Jill Guy, who owns and operates the cafe at the Otago Museum, is not optimistic her lease will be extended, despite about 2000 people having signed a petition to support its continuation.
Museum authorities say Ms Guy had initially operated on a six-year lease, which was extended by a further three years in 2006, and that the museum will run its own cafe when the lease expires at the end of this month.
Ms Guy said that when she had been away on a recent trip to Canada, cafe staff members had started a public petition calling for her business to be saved through an extension of the lease.
The response had been "absolutely wonderful" and "hugely successful", and she understood about 2000 people had signed.
She had built up a "huge business", had paid the museum $80,000 in rent last year, and the public believed it was "ridiculous" for the museum to start running its own cafe, she said.
Museum authorities recently put up posters in the downstairs foyer, near the cafe, pointing out that the museum would continue to operate a cafe after the lease expired.

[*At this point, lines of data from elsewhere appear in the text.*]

(* Let $\Lambda$ be a row-finite $k$-graph such that the degree functor $d$ is $\mathbb{N}^k$-primitive for $\Lambda$. Then the system $(\Lambda,\mathbb{N}^k,d)$ is cofinal.
   Context: A $k$-graph is a countable category $\Lambda$ with a functor $d:\Lambda\to\mathbb{N}^k$ with unique factorisation; $\Lambda^n=d^{-1}(n)$, $\Lambda^0$ = vertices, $uXv=\{\lambda\in X:r(\lambda)=u,s(\lambda)=v\}$; row-finite: $v\Lambda^n$ finite. On $\mathbb{N}^k$, $h\ge_l g$ means $h-g\in\mathbb{N}^k$; $t$ is strictly positive if for every $s\in\mathbb{N}^k$ some multiple $nt\ge_l s$. $d$ is $\mathbb{N}^k$-primitive for $\Lambda$ if there is a strictly positive $t\in\mathbb{N}^k$ such that for all $v,w\in\Lambda^0$ and all $s\ge_l t$, $vd^{-1}(s)w=v\Lambda^sw\ne\emptyset$. The system $(\Lambda,\mathbb{N}^k,d)$ is cofinal if for all $v,w\in\Lambda^0$ and $a,b\in\mathbb{N}^k$ there is $N\in\mathbb{N}^k$ such that for every $\alpha\in w\Lambda^N$ there is $\beta\in v\Lambda s(\alpha)$ with $a+d(\beta)=b+d(\alpha)$. *)

From HB Require Import structures.
From mathcomp Require Import all_boot.
Set Implicit Arguments. Unset Strict Implicit. Unset Printing Implicit Defensive.

Definition Nk (k : nat) := {ffun 'I_k -> nat}.
Definition nk0 (k : nat) : Nk k := [ffun => 0].
Definition nkadd (k : nat) (m n : Nk k) : Nk k := [ffun i => m i + n i].
Definition nkmul (k : nat) (c : nat) (t : Nk k) : Nk k := [ffun i => c * t i].
Definition nkge (k : nat) (h g : Nk k) : Prop := forall i, g i <= h i.

(* A k-graph: a countable category (vertices [V], morphisms [M], range [r],
   source [s], identities [idm], composition [comp f g] = "f g" defined when
   s f = r g) with a degree functor [d] into N^k with unique factorisation. *)
Record kgraph (k : nat) := KGraph {
  V : countType;
  M : countType;
  r : M -> V;
  s : M -> V;
  idm : V -> M;
  comp : M -> M -> M;
  d : M -> Nk k;
  r_id : forall v, r (idm v) = v;
  s_id : forall v, s (idm v) = v;
  r_comp : forall f g, s f = r g -> r (comp f g) = r f;
  s_comp : forall f g, s f = r g -> s (comp f g) = s g;
  comp_idl : forall f, comp (idm (r f)) f = f;
  comp_idr : forall f, comp f (idm (s f)) = f;
  compA : forall f g h, s f = r g -> s g = r h ->
    comp f (comp g h) = comp (comp f g) h;
  d_id : forall v, d (idm v) = nk0 k;
  d_comp : forall f g, s f = r g -> d (comp f g) = nkadd (d f) (d g);
  unique_fact : forall (l : M) (m n : Nk k), d l = nkadd m n ->
    exists! p : M * M, [/\ d p.1 = m, d p.2 = n, s p.1 = r p.2 & l = comp p.1 p.2]
}.

Definition row_finite k (L : kgraph k) : Prop :=
  forall (v : V L) (n : Nk k), exists l : seq (M L),
    forall x : M L, r x = v -> d x = n -> x \in l.

Definition strictly_positive k (t : Nk k) : Prop :=
  forall sv : Nk k, exists n : nat, nkge (nkmul n t) sv.

Definition primitive k (L : kgraph k) : Prop :=
  exists t : Nk k, strictly_positive t /\
    forall (v w : V L) (sv : Nk k), nkge sv t ->
      exists x : M L, [/\ r x = v, s x = w & d x = sv].

Definition cofinal k (L : kgraph k) : Prop :=
  forall (v w : V L) (a b : Nk k), exists N : Nk k,
    forall alpha : M L, r alpha = w -> d alpha = N ->
      exists beta : M L, [/\ r beta = v, s beta = s alpha &
        nkadd a (d beta) = nkadd b (d alpha)].

From mathcomp Require Import all_boot.

(* Take N := a + t, with t the primitivity degree.  For alpha in w Lambda^N,
   primitivity yields beta in v Lambda^(b + t) s(alpha), since b + t >= t, and
   then a + d(beta) = a + b + t = b + d(alpha). *)

Lemma nkge_addl {k} (m n : Nk k) : nkge (nkadd m n) n.
Proof. by move=> i; rewrite ffunE leq_addl. Qed.

Lemma nkaddCA {k} (a b c : Nk k) : nkadd a (nkadd b c) = nkadd b (nkadd a c).
Proof. by apply/ffunP => i; rewrite !ffunE addnCA. Qed.

Theorem corollary5p10 (k : nat) (L : kgraph k) :
  row_finite L -> primitive L -> cofinal L.
Proof.
move=> _ [t [_ primt]] v w a b.
exists (nkadd a t) => alpha _ d_alpha.
have [beta [r_beta s_beta d_beta]] := primt v (s alpha) _ (nkge_addl b t).
by exists beta; rewrite d_beta d_alpha nkaddCA.
Qed.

An information sheet, provided from the nearby main counter, states that the cafe tenant had been advised in writing when the lease had been renewed for three years in 2006 that no further rights of renewal would be granted and the lease would end on November 30.

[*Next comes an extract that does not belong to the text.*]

(* The category $\underline{\mathrm{G}}$ of globally hyperbolic posets is equivalent to the category $\underline{\mathrm{IN}}$ of interval domains.
   Context: Order notions: directed/filtered sets, suprema $\bigsqcup$, infima $\bigwedge$, the way-below relation $x\ll y$ (for every directed $S$ with a supremum, $y\sqsubseteq\bigsqcup S$ implies $x\sqsubseteq s$ for some $s\in S$), $\Uparrow x=\{a:x\ll a\}$, $\Downarrow x=\{a:a\ll x\}$; a poset is continuous if some subset $B$ has $B\cap\Downarrow x$ containing a directed set with supremum $x$ for every $x$; a continuous dcpo additionally has suprema of all directed sets; $\max(D)$ is the set of maximal elements; the Scott topology consists of upper sets $U$ with $\bigsqcup S\in U\Rightarrow S\cap U\neq\emptyset$ for directed $S$. A continuous poset is bicontinuous if (1) $x\ll y$ iff for every filtered $S$ with an infimum, $\bigwedge S\sqsubseteq x$ implies $s\sqsubseteq y$ for some $s\in S$, and (2) each $\Uparrow x$ is filtered with infimum $x$; its interval topology has basis $\{z: a\ll z\ll b\}$. A globally hyperbolic poset is a bicontinuous poset $(X,\le)$ whose closed intervals $[a,b]=\{z:a\le z\le b\}$ are compact in the interval topology. $\underline{\mathrm{G}}$ is the category whose objects are globally hyperbolic posets and whose arrows are monotone maps continuous for the interval topologies (usual identities and composition). An interval poset is a poset $D$ with maps $\mathrm{left},\mathrm{right}:D\to\max(D)$ such that (writing $\sqcap$ for binary infimum, assumed to exist only where named) $x=\mathrm{left}(x)\sqcap\mathrm{right}(x)$; if $\mathrm{right}(x)=\mathrm{left}(y)$ then $\mathrm{left}(x\sqcap y)=\mathrm{left}(x)$, $\mathrm{right}(x\sqcap y)=\mathrm{right}(y)$; and for $p\in\max(D)$ with $x\sqsubseteq p$, $\mathrm{left}(\mathrm{left}(x)\sqcap p)=\mathrm{left}(x)$, $\mathrm{right}(\mathrm{left}(x)\sqcap p)=p$, $\mathrm{left}(p\sqcap\mathrm{right}(x))=p$, $\mathrm{right}(p\sqcap\mathrm{right}(x))=\mathrm{right}(x)$. Define $a\le b$ on $\max(D)$ iff $a=\mathrm{left}(z),b=\mathrm{right}(z)$ for some $z$; let $[p,\cdot]=\mathrm{left}^{-1}(p)$, $[\cdot,q]=\mathrm{right}^{-1}(q)$. An interval domain is an interval poset with $D$ a continuous dcpo such that: (i) if $p\in\Uparrow x\cap\max(D)$ then $\Uparrow(\mathrm{left}(x)\sqcap p)$ and $\Uparrow(p\sqcap\mathrm{right}(x))$ are nonempty; (ii) for each $x$, TFAE: $\Uparrow x\neq\emptyset$; for all $y\in[\mathrm{left}(x),\cdot]$ with $y\sqsubseteq x$, $y\ll\mathrm{right}(y)$ in the subposet $[\cdot,\mathrm{right}(y)]$; for all $y\in[\cdot,\mathrm{right}(x)]$ with $y\sqsubseteq x$, $y\ll\mathrm{left}(y)$ in the subposet $[\mathrm{left}(y),\cdot]$; (iii) for directed $S\subseteq[p,\cdot]$, $\mathrm{left}(\bigsqcup S)=p$ and $\mathrm{right}(\bigsqcup S)=\mathrm{right}(\bigsqcup T)$ for every directed $T\subseteq[q,\cdot]$ with $\mathrm{right}(T)=\mathrm{right}(S)$, and dually for directed $S\subseteq[\cdot,q]$, $\mathrm{right}(\bigsqcup S)=q$ and $\mathrm{left}(\bigsqcup S)=\mathrm{left}(\bigsqcup T)$ for every directed $T\subseteq[\cdot,p]$ with $\mathrm{left}(T)=\mathrm{left}(S)$; (iv) each $\{y\in\max(D):x\sqsubseteq y\}$ is Scott compact. $\underline{\mathrm{IN}}$ is the category of interval domains with arrows the Scott continuous maps $f:D\to E$ satisfying $f\circ\mathrm{left}_D=\mathrm{left}_E\circ f$ and $f\circ\mathrm{right}_D=\mathrm{right}_E\circ f$. Two categories are equivalent if there are functors in both directions whose composites are naturally isomorphic to the identity functors. *)

From Stdlib Require Import List.
Set Implicit Arguments.
Unset Strict Implicit.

In the poster, museum chief executive Shimrath Paul invites museum visitors to fill out a "tell us what you think" form about ideas for the new cafe.
Ms Guy said many cafe users had already made their views clear that they wanted the existing cafe to continue.
Museum director, exhibitions, development and planning, Clare Wilson said several New Zealand museums, including Te Papa, ran their own cafes.
More than half the money required to pay for the Otago Museum's operating spending had to come from earned income in order to minimise the burden on ratepayers.
Enabling the museum to gain further income through running a cafe would clearly benefit museum visitors, she said.
In 2000, the museum had funded the relocation, creation and fit-out of new cafe premises as part of a major museum redevelopment.
The lease of the cafe was a commercial arrangement, not a right or a gift, and the tenant could establish a business elsewhere, she said.